Required work: From the records below, set down exactly the lines starting with the line that contains "Section RandomSubset." and going on through the line that contains "Lemma prand_in_D1 (U". Nothing else is wanted.
=== Section Start ===
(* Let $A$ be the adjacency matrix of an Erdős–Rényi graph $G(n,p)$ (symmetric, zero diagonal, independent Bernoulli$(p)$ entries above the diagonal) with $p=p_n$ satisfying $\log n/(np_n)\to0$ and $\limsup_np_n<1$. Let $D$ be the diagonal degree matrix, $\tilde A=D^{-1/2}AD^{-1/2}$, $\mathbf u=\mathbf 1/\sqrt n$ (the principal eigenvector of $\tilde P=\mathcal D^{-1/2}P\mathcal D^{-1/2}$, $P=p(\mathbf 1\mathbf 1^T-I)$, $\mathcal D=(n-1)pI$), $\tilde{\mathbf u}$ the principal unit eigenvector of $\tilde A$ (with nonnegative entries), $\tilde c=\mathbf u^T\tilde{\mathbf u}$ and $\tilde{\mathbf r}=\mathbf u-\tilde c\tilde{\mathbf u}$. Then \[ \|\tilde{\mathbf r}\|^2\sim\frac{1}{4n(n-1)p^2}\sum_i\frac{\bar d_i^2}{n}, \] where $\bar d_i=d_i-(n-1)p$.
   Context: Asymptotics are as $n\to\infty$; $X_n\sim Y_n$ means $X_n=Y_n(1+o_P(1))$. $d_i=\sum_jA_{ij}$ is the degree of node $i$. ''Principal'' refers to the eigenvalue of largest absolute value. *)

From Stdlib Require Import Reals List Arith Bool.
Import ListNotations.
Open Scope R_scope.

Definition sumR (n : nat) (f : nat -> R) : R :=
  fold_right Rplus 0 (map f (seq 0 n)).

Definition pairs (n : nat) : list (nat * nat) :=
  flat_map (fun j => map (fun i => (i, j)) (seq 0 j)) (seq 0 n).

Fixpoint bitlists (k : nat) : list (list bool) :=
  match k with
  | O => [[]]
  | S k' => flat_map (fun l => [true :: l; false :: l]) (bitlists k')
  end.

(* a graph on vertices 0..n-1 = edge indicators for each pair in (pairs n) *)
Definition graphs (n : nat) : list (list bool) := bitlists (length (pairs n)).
=== Section End ===
=== Section Start ===
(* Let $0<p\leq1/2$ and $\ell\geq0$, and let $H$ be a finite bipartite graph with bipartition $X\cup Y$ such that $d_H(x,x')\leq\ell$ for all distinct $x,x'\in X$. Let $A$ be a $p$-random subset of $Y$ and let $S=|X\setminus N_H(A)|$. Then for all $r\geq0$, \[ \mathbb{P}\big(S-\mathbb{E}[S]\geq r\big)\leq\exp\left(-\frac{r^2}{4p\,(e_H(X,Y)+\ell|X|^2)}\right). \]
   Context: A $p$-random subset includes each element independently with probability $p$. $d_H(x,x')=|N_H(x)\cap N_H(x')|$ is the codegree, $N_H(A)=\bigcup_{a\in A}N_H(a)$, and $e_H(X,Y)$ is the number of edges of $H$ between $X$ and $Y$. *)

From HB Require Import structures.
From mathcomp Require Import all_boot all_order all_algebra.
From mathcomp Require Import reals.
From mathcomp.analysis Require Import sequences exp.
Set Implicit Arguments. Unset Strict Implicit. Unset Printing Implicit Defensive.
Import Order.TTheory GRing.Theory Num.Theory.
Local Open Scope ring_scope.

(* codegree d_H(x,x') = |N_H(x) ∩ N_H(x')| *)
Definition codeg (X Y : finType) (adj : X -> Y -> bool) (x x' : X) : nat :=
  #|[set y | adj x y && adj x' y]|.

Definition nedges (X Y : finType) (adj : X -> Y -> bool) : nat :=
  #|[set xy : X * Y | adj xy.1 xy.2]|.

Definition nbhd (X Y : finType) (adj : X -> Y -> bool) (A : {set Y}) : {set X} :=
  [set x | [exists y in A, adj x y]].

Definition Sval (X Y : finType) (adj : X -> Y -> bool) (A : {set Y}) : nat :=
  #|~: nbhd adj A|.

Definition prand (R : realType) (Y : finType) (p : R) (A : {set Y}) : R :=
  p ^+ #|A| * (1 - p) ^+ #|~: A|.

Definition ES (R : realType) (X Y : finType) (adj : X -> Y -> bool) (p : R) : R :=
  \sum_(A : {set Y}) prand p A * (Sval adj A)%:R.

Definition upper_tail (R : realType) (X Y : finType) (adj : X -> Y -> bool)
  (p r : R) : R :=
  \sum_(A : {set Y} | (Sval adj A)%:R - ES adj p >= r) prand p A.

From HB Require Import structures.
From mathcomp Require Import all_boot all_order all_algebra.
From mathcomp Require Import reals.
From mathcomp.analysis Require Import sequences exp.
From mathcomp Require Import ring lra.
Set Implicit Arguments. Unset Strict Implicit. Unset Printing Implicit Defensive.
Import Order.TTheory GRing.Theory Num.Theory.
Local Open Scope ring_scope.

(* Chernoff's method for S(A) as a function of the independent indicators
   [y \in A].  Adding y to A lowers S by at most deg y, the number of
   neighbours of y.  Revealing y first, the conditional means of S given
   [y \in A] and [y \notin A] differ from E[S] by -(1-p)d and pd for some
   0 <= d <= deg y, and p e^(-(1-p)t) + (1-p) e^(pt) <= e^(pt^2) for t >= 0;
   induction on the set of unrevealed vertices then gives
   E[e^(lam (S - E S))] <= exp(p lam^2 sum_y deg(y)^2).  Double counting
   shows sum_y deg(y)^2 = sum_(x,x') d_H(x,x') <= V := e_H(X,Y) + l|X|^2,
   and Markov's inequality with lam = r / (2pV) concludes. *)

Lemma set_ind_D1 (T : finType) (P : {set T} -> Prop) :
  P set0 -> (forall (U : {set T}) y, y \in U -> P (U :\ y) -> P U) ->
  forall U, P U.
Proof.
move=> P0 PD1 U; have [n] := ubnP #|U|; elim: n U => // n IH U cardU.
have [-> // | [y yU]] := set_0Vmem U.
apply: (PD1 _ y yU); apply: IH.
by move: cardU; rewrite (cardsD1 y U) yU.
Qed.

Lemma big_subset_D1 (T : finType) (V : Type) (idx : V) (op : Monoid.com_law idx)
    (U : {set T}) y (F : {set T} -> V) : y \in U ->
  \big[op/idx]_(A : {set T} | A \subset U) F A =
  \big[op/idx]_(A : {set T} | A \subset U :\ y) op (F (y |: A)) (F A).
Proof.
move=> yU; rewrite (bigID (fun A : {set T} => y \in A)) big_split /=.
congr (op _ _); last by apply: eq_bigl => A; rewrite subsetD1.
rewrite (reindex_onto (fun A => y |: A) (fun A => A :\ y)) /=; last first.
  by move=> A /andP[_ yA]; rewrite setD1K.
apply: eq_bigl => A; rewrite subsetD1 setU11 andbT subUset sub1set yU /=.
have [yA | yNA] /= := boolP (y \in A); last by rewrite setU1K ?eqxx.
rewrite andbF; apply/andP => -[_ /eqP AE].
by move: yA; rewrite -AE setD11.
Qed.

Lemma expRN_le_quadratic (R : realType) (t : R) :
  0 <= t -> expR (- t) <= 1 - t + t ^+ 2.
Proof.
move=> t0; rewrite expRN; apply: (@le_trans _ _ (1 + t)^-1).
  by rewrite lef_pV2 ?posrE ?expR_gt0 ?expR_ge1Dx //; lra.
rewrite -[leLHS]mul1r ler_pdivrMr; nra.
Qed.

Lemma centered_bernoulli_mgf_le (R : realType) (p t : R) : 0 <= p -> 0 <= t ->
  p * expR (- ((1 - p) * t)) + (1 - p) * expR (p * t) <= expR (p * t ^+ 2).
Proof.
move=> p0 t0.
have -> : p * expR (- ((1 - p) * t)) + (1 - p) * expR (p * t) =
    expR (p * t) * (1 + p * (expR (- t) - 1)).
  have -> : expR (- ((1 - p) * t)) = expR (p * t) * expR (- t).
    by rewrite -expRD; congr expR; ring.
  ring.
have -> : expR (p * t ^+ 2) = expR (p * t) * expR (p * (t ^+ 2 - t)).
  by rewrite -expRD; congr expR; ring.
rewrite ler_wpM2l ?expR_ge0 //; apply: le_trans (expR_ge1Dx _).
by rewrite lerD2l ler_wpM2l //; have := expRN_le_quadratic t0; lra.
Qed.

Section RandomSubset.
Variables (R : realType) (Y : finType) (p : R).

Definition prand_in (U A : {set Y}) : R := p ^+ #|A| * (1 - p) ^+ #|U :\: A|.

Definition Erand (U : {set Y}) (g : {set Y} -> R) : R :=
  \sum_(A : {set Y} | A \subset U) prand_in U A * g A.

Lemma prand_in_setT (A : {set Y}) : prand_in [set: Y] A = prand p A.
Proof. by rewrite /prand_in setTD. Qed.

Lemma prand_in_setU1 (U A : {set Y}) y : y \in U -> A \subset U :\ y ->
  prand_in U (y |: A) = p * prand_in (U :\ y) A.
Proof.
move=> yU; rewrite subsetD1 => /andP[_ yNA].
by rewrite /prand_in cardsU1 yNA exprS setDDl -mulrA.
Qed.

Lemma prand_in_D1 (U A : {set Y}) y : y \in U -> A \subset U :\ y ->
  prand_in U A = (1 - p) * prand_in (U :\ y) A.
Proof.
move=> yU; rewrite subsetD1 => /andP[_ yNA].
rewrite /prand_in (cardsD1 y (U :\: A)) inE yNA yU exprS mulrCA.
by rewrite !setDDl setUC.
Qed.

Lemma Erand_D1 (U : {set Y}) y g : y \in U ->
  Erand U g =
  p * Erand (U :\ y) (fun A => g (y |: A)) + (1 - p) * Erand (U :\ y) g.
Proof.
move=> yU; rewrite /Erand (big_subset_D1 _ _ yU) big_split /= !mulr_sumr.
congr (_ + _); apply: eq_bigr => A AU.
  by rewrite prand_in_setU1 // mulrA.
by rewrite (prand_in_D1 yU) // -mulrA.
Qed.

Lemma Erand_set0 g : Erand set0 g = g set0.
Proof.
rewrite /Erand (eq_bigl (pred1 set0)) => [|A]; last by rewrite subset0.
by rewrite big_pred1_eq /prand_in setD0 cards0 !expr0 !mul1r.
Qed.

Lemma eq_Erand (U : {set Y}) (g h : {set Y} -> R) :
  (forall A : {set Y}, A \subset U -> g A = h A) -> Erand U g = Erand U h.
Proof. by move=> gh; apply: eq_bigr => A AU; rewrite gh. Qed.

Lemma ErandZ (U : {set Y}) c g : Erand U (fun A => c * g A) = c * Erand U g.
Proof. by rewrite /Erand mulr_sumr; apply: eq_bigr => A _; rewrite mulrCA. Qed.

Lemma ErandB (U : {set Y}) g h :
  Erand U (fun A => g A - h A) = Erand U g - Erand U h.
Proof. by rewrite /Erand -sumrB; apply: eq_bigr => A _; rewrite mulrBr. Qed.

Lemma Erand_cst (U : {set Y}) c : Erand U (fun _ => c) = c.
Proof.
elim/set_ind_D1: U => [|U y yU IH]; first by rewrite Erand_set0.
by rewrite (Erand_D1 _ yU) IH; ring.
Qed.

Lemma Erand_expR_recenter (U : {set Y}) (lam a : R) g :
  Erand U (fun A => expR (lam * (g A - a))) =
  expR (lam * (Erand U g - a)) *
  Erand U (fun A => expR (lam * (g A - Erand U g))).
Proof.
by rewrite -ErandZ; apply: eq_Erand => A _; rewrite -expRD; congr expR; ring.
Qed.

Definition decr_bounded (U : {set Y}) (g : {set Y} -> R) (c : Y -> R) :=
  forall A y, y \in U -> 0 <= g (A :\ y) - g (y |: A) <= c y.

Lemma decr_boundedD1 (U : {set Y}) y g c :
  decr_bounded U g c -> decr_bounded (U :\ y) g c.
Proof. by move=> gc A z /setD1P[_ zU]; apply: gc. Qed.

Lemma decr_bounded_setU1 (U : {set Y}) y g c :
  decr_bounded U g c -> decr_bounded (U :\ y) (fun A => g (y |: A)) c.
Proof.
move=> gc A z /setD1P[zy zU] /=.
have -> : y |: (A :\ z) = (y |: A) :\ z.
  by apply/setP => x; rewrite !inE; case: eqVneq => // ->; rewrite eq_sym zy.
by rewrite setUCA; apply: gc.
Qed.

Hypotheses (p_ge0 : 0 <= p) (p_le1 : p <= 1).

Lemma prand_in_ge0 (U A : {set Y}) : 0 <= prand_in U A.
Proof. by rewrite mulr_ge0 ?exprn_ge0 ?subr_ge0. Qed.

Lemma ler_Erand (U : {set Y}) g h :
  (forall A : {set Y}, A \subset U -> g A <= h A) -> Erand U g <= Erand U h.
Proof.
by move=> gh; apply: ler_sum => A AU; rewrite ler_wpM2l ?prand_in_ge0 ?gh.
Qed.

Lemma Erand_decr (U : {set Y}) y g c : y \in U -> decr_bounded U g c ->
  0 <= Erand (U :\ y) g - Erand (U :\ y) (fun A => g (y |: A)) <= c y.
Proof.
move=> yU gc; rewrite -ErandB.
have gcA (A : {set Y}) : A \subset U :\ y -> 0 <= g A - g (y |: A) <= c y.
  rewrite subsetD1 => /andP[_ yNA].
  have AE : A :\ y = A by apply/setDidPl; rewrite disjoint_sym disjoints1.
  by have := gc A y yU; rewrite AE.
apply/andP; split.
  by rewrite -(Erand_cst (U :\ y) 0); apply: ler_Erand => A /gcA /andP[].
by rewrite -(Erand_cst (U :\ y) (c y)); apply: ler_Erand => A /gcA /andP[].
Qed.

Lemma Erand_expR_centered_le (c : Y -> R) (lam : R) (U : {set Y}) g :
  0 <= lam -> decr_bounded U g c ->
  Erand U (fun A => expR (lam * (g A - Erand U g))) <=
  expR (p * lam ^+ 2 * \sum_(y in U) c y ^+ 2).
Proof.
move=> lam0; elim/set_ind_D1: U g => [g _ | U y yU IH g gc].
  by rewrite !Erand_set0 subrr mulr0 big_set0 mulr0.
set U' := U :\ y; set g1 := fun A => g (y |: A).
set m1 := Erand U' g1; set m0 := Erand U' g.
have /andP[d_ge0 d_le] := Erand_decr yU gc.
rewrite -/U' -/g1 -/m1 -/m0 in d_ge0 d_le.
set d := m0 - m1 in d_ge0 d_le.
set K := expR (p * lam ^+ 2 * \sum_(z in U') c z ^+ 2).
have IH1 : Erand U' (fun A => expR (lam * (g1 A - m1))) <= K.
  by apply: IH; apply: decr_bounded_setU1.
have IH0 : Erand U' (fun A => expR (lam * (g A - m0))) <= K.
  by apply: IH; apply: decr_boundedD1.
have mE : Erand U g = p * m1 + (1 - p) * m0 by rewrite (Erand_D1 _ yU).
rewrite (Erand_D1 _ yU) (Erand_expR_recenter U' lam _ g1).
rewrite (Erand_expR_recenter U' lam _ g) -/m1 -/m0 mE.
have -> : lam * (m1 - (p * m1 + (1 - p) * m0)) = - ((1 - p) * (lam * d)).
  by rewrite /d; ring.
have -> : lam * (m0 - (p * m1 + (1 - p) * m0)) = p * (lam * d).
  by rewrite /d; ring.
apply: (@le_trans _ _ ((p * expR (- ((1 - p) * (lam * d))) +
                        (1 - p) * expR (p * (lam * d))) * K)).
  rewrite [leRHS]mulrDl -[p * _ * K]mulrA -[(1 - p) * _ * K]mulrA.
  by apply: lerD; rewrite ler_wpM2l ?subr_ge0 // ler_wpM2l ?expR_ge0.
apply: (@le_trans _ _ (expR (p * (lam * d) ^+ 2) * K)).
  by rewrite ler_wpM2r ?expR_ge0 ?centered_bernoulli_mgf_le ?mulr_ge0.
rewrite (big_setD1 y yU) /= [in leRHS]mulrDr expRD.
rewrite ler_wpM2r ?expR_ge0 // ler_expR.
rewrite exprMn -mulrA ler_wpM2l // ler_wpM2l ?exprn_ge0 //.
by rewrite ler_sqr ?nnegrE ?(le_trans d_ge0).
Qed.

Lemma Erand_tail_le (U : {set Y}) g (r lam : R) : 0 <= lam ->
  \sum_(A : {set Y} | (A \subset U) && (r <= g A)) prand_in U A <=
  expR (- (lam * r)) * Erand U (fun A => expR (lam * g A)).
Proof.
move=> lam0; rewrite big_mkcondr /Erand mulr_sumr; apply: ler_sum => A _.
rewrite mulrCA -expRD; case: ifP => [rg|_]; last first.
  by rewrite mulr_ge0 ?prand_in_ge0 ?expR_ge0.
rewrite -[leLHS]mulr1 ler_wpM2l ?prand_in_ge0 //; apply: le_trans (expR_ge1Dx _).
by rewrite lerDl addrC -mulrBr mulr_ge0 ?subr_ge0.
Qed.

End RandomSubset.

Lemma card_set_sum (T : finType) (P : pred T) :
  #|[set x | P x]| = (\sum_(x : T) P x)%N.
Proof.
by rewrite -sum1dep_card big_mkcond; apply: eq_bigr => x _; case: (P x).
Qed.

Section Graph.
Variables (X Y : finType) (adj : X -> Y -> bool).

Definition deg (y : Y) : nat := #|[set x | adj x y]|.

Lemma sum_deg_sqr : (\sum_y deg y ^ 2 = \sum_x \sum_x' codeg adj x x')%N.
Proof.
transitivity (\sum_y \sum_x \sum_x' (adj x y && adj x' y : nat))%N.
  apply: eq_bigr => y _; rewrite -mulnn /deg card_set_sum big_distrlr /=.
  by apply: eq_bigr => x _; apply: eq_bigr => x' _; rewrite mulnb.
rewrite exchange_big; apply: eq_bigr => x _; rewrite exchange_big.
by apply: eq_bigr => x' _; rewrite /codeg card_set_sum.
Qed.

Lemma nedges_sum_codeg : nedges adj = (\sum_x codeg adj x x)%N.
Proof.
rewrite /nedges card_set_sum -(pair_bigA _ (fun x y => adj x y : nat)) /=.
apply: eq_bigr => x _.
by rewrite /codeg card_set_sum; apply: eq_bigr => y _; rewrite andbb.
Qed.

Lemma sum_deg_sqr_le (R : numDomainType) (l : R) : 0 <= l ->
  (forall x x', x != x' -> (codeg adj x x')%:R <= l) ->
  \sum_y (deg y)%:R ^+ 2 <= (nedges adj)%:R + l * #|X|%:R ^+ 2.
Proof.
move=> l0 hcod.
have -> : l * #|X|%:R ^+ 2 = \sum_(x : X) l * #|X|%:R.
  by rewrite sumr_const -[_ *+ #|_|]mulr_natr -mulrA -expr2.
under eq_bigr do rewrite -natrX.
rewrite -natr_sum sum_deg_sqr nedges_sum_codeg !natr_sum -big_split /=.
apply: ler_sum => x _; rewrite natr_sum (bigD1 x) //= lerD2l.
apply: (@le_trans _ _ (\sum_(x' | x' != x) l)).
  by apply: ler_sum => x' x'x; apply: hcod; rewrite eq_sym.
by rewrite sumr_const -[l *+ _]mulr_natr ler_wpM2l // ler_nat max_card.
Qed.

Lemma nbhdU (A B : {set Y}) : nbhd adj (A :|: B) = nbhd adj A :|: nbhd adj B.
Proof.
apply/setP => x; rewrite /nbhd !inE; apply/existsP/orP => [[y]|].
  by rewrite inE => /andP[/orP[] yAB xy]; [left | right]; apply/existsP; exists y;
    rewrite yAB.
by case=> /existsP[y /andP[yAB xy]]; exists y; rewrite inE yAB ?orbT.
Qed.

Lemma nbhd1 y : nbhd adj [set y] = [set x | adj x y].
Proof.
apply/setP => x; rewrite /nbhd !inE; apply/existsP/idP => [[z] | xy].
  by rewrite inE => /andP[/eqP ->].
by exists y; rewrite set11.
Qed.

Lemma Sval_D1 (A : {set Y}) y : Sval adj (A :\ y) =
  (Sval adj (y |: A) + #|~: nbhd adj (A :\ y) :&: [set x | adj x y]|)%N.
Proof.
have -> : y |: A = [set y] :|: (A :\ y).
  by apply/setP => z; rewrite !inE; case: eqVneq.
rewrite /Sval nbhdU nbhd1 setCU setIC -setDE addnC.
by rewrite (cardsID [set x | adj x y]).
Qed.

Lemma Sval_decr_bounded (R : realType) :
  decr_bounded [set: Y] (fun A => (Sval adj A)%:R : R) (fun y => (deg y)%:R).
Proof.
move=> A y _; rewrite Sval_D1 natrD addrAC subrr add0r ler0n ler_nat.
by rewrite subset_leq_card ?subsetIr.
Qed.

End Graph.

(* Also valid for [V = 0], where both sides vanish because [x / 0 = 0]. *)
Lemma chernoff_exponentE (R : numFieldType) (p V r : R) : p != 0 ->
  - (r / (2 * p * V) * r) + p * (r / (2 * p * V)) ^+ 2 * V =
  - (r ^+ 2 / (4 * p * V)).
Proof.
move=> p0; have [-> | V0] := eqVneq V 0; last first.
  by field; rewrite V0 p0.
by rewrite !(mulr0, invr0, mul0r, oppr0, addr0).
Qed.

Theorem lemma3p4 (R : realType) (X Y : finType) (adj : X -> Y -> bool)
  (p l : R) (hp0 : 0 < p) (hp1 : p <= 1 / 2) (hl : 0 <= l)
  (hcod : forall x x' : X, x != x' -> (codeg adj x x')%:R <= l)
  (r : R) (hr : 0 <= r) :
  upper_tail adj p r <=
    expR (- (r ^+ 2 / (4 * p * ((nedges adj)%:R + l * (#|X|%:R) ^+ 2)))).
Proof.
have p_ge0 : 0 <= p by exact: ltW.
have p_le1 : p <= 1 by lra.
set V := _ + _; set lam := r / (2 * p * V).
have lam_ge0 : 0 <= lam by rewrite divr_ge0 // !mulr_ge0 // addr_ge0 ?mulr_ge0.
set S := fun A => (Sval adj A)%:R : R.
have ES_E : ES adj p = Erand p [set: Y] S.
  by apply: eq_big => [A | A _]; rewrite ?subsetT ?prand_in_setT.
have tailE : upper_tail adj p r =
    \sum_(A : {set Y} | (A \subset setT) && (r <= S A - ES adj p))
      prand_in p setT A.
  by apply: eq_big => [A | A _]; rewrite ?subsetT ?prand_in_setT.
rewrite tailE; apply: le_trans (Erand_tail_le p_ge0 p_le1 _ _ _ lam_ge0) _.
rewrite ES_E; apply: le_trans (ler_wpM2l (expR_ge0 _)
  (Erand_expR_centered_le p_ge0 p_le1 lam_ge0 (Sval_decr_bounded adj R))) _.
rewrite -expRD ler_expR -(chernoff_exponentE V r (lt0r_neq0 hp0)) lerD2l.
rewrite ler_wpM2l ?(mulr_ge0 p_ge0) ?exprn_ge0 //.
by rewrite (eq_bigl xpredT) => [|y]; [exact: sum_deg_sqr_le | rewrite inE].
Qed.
=== Section End ===
Answer to this problem:
Section RandomSubset.
Variables (R : realType) (Y : finType) (p : R).

Definition prand_in (U A : {set Y}) : R := p ^+ #|A| * (1 - p) ^+ #|U :\: A|.

Definition Erand (U : {set Y}) (g : {set Y} -> R) : R :=
  \sum_(A : {set Y} | A \subset U) prand_in U A * g A.

Lemma prand_in_setT (A : {set Y}) : prand_in [set: Y] A = prand p A.
Proof. by rewrite /prand_in setTD. Qed.

Lemma prand_in_setU1 (U A : {set Y}) y : y \in U -> A \subset U :\ y ->
  prand_in U (y |: A) = p * prand_in (U :\ y) A.
Proof.
move=> yU; rewrite subsetD1 => /andP[_ yNA].
by rewrite /prand_in cardsU1 yNA exprS setDDl -mulrA.
Qed.

Lemma prand_in_D1 (U A : {set Y}) y : y \in U -> A \subset U :\ y ->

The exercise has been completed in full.